Applying the guidance of the Federal Court of Appeal in Klevtsov (Canada (Attorney General) v. Klevtsov, (2018 FCA 196) this Tribunal must determine whether the constituent elements of an entrapment defence exist on the evidence before it can find the charges not proven. In other words, the Tribunal must first consider what the evidentiary and legal elements might be to establish the entrapment defence to the charge set out in the Notice of Violation. Then it must examine the evidence itself and determine if it is sufficient to satisfy the required elements.

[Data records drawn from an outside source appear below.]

(* g is smooth on (0, +oo), an open neighbourhood of [1, +oo).
   (Any smooth function on [1,+oo) extends smoothly, so this loses nothing.) *)
Definition smooth_pos (g : R -> R) : Prop :=
  forall (k : nat) (x : R), 0 < x -> ex_derive_n g k x.

(* Green kernel for the operator d_r^2 + (1/r) d_r - k^2/r^2 with phi(1)=0,
   decaying at infinity; here k = |n| and s^(1-k) is written s / s^k. *)
Definition green_in (k : nat) (r s : R) : R :=
  (s ^ (k + 1) - s / s ^ k) / r ^ k.

Definition green_out (k : nat) (r s : R) : R :=
  (s / s ^ k) * r ^ k - (s / s ^ k) / r ^ k.

Definition is_green_solution (n : Z) (F phi : R -> R) : Prop :=
  forall r : R, 1 <= r ->
    exists I : R,
      is_RInt_gen (fun s => green_out (Z.abs_nat n) r s * F s)
                  (at_point r) (Rbar_locally p_infty) I /\
      -2 * IZR (Z.abs n) * phi r
        = RInt (fun s => green_in (Z.abs_nat n) r s * F s) 1 r + I.

(* Integrate by parts in each Green integral: with g the kernel as a function
   of s and F = xi f', one has  int g xi f' = [g xi f] - int g' xi f - int g xi' f.
   On its range each kernel is monotone in s and bounded by r, so the boundary
   terms and int |g'| |xi f| are each O(r ||xi f||_oo), while int |g xi' f| is at
   most r ||xi' f||_1.  Hence |n| |phi_n(r)| <= r (4A + B), uniformly in n. *)

From Stdlib Require Import Reals ZArith Lra Lia.
From Coquelicot Require Import Coquelicot.
Open Scope R_scope.

Lemma smooth_pos_is_derive g x : smooth_pos g -> 0 < x -> is_derive g x (Derive g x).
Proof. intros Hg Hx. apply Derive_correct, (Hg 1%nat x Hx). Qed.

Lemma smooth_pos_continuous g x : smooth_pos g -> 0 < x -> continuous g x.
Proof.
  intros Hg Hx.
  apply (ex_derive_continuous (K := R_AbsRing) (V := R_NormedModule)), (Hg 1%nat x Hx).
Qed.

Lemma smooth_pos_continuous_Derive g x : smooth_pos g -> 0 < x -> continuous (Derive g) x.
Proof.
  intros Hg Hx.
  apply (ex_derive_continuous (K := R_AbsRing) (V := R_NormedModule)), (Hg 2%nat x Hx).
Qed.

Lemma continuous_Rmult (f g : R -> R) x :
  continuous f x -> continuous g x -> continuous (fun y => f y * g y) x.
Proof. apply (continuous_mult f g). Qed.

Lemma continuous_Rplus (f g : R -> R) x :
  continuous f x -> continuous g x -> continuous (fun y => f y + g y) x.
Proof. apply (continuous_plus (V := R_NormedModule) f g). Qed.

Lemma ex_RInt_continuous_le (f : R -> R) a b :
  a <= b -> (forall s, a <= s <= b -> continuous f s) -> ex_RInt f a b.
Proof.
  intros Hab Hf. apply (ex_RInt_continuous (V := R_CompleteNormedModule)).
  rewrite Rmin_left, Rmax_right by lra. exact Hf.
Qed.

[29]       The Applicant raised several possible common law defences for the Tribunal’s consideration. For reasons set out briefly below, none of the defences, nor the constitutional argument posed by the Applicant are available – except one.

Defence of Necessity

[30]       Courts in Canada have considered the defence of necessity where non-compliance with law is excused by an emergency or justified by the pursuit of a greater good. Applying the defence in this case rests on the proposition that CWS’s relatively brief possession of two Canada Geese, although contrary to the law, was necessary and, as a result, excusable. In this respect, the defence rests on a “realistic assessment of human weakness, recognizing that a liberal and humane … law cannot hold people to the strict obedience of laws in emergency situations where normal human instincts, whether of self-preservation or of altruism, overwhelmingly impel disobedience.” (Perka v. the Queen (1984) 2 SCR 232 at page 248).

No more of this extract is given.